Finland-USA 1-1
It truly was what the computers had become. And the real incumbent masters of that game had it all figured out already by then. It did not take for too long before their answers came. Just few days after the black cubical Nokia tent with that provocating statement addressing the audience of CES’07 in Las Vegas, and Apple launched iPhone to claim the true invention of the device for the next era of personal computing. Simultaneously, in Mountain View the Android team at Google was already punching its way towards the industry dominance in the operating system. Something which would see the daylight later on that year. Helsinki, Las Vegas, San Francisco, Silicon Valley - it was all on the maps already then in 2007.
Last ten years for Nokia have been truly an Amazing Race around the planet of computing. Put together the late 90’s smartphone inventions of Silicon Valley startups like Unwired Planet and the visions of Nokia about the Mobile Information Society. Add to that the determined, fast and immense R&D investment and the result was that Silicon Valley was left far behind. By 2005 the billions were starting to chime in. It was Finland-USA 1-0 in the next generation of personal computing.
Nokia’s Symbian smartphone business figures are truly impressive: Hundreds of millions of smartphones sold over the last ten years. This means tens of billions of profit and billions invested. Still, for some of us something seemed wrong under the hood. The productivity and creative dynamics were not quite there. This was not real computing. These were much better phones yes, but was that really the point?

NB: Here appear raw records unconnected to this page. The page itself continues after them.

(* Let $H$ be a complex Hilbert space and let $A,K\in B(H)$ be such that $A$ is positive and $(AK)^*$ is hyponormal. Then \[|\langle AKx,x\rangle|\leq \|K\|\,\langle Ax,x\rangle\] for all $x\in H$.
   Context: $B(H)$ denotes the algebra of bounded linear operators on $H$. An operator $A\in B(H)$ is positive if $\langle Ax,x\rangle\geq 0$ for all $x\in H$. An operator $T\in B(H)$ is hyponormal if $TT^*\leq T^*T$, i.e. $T^*T-TT^*$ is positive. *)

From HB Require Import structures.
From mathcomp Require Import all_boot all_order all_algebra.
From mathcomp Require Import complex.
From mathcomp Require Import classical_sets reals.

Set Implicit Arguments.
Unset Strict Implicit.
Unset Printing Implicit Defensive.
Import Order.TTheory GRing.Theory Num.Theory.
Local Open Scope ring_scope.
Local Open Scope complex_scope.
Local Open Scope classical_set_scope.

Record is_inner_product (R : realType) (V : lmodType R[i])
    (ip : V -> V -> R[i]) : Prop := {
  ip_linear : forall (a : R[i]) (x y z : V), ip (a *: x + y) z = a * ip x z + ip y z;
  ip_conj : forall x y : V, ip y x = conjc (ip x y);
  ip_ge0 : forall x : V, 0 <= ip x x;     (* real and nonnegative in R[i] *)
  ip_definite : forall x : V, ip x x = 0 -> x = 0 }.

Definition ipnorm (R : realType) (V : lmodType R[i]) (ip : V -> V -> R[i]) (x : V) : R :=
  Num.sqrt (complex.Re (ip x x)).

Definition ip_complete (R : realType) (V : lmodType R[i]) (ip : V -> V -> R[i]) : Prop :=
  forall u : nat -> V,
    (forall e : R, 0 < e -> exists N, forall m n, (N <= m)%N -> (N <= n)%N ->
        ipnorm ip (u m - u n) < e) ->
    exists l : V, forall e : R, 0 < e -> exists N, forall n, (N <= n)%N ->
        ipnorm ip (u n - l) < e.

Definition is_Hilbert (R : realType) (V : lmodType R[i]) (ip : V -> V -> R[i]) : Prop :=
  is_inner_product ip /\ ip_complete ip.

Definition bounded_op (R : realType) (V : lmodType R[i]) (ip : V -> V -> R[i])
    (T : V -> V) : Prop :=
  (forall (a : R[i]) (x y : V), T (a *: x + y) = a *: T x + T y) /\
  exists M : R, forall x, ipnorm ip (T x) <= M * ipnorm ip x.

Definition opnorm (R : realType) (V : lmodType R[i]) (ip : V -> V -> R[i])
    (T : V -> V) : R :=
  sup [set r : R | exists x : V, ipnorm ip x <= 1 /\ r = ipnorm ip (T x)].

Definition positive_op (R : realType) (V : lmodType R[i]) (ip : V -> V -> R[i])
    (A : V -> V) : Prop :=
  forall x, 0 <= ip (A x) x.

Definition is_adjoint (R : realType) (V : lmodType R[i]) (ip : V -> V -> R[i])
    (T S : V -> V) : Prop :=
  forall x y, ip (T x) y = ip x (S y).

Definition hyponormal (R : realType) (V : lmodType R[i]) (ip : V -> V -> R[i])
    (T : V -> V) : Prop :=
  forall Tadj : V -> V, is_adjoint ip T Tadj ->
    positive_op ip (fun x => Tadj (T x) - T (Tadj x)).

From HB Require Import structures.
From mathcomp Require Import all_boot all_order all_algebra.
From mathcomp Require Import complex.
From mathcomp Require Import classical_sets reals.
From mathcomp Require Import ring lra.
Import Order.TTheory GRing.Theory Num.Theory.
Local Open Scope ring_scope.
Local Open Scope complex_scope.

(* Let T = AK and S = T^* (formally S = K^* A), and c = ||K||.  Hyponormality of S gives
   |Tx| <= |Sx|, and |Sy|^2 = <KSy, Ay> <= c |Sy| |Ay| gives |Sy| <= c |Ay|.  Hence the
   selfadjoint operator B = SK (formally K^* A K) satisfies
   |Bx| <= c |Tx| <= c |Sx| <= c^2 |Ax|, i.e. B^2 <= (c^2 A)^2.  As c^2 A >= 0, monotonicity
   of the square root gives B <= c^2 A, that is <AKx, Kx> <= c^2 <Ax, x>, and the
   Cauchy-Schwarz inequality for the positive form <A., .> concludes.
   The square-root step needs no spectral theory: if the numerical range of B - c^2 A
   reached mu > 0, an approximate eigenvector x for mu would make
   |Bx|^2 - |c^2 Ax|^2 close to mu^2 |x|^2 + 2 mu <c^2 Ax, x> > 0. *)

Local Notation Re := complex.Re.
Local Notation Im := complex.Im.

Section ComplexParts.
Context {R : rcfType}.
Implicit Types (r : R) (z : R[i]).

Lemma ge0_Re z : 0 <= z -> 0 <= Re z.
Proof. by rewrite lecE => /andP[]. Qed.

Lemma real_complexE z : Im z = 0 -> z = (Re z)%:C.
Proof. by case: z => a b /= ->. Qed.

Lemma Re_conjc z : Re (conjc z) = Re z.
Proof. by case: z. Qed.

Lemma Re_realM r z : Re (r%:C * z) = r * Re z.
Proof. by case: z => a b /=; ring. Qed.

End ComplexParts.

Creative dynamics is about invention and productivity and these are catalyzed by openness. Computing is nothing new but there exists a wealth of methods, technologies and ecosystems out there and true progress has always been attained on the shoulders of the giants, not by do-it-yourself with stone age toolkits. These were the premises on which we started to build the renewal of Nokia smartphone R&D to turn the initial leadership of Symbian smartphones into sustainable one for Nokia. And boy, what an Amazing Race this was too: in 2005 Nokia Internet Tablet with the Maemo open source OS, “Made for Silicon Valley”, hit the Financial Times and San Jose Mercury News alike with zero marketing budget. The race had started already in 2001 with embedded Linux startups of the valley, continued with Netscape and AOL, with founding of a dozen of open source consultancies all around the world, deals with Yahoo, Google, Skype, Microsoft, GNOME, Trolltech, Facebook and so on. Yet the outcome to this date for Nokia remains only around few million Maemo handheld computers sold over the last five yeas. Profit and investment in the same ballpark of few hunderd millions. This is less than 1% compared to Nokia’s Symbian smartphone business. This is NOTHING, right?
Now what? For those of us who are quick to jump into conclusions the Nokia-Microsoft news from yesterday have been saying it all: the sturm und drang of Nokia and Finland in computing seems over, only devastation and depression remaining. I do not think so. Clearly it is time for some serious thinking now, but it is not time to panic. In a moment like this we need to think positively - of all the things achieved, of all the knowhow and technology accumulated, and be on lookout for the new opportunities now opening. From death and decay nature usually sprouts new life and this is no different in the hi-tech ecosystem. The thing now is to hold fast to our remaining assets and trust in the creative force. It is only 1-1, not game over. This game never ends.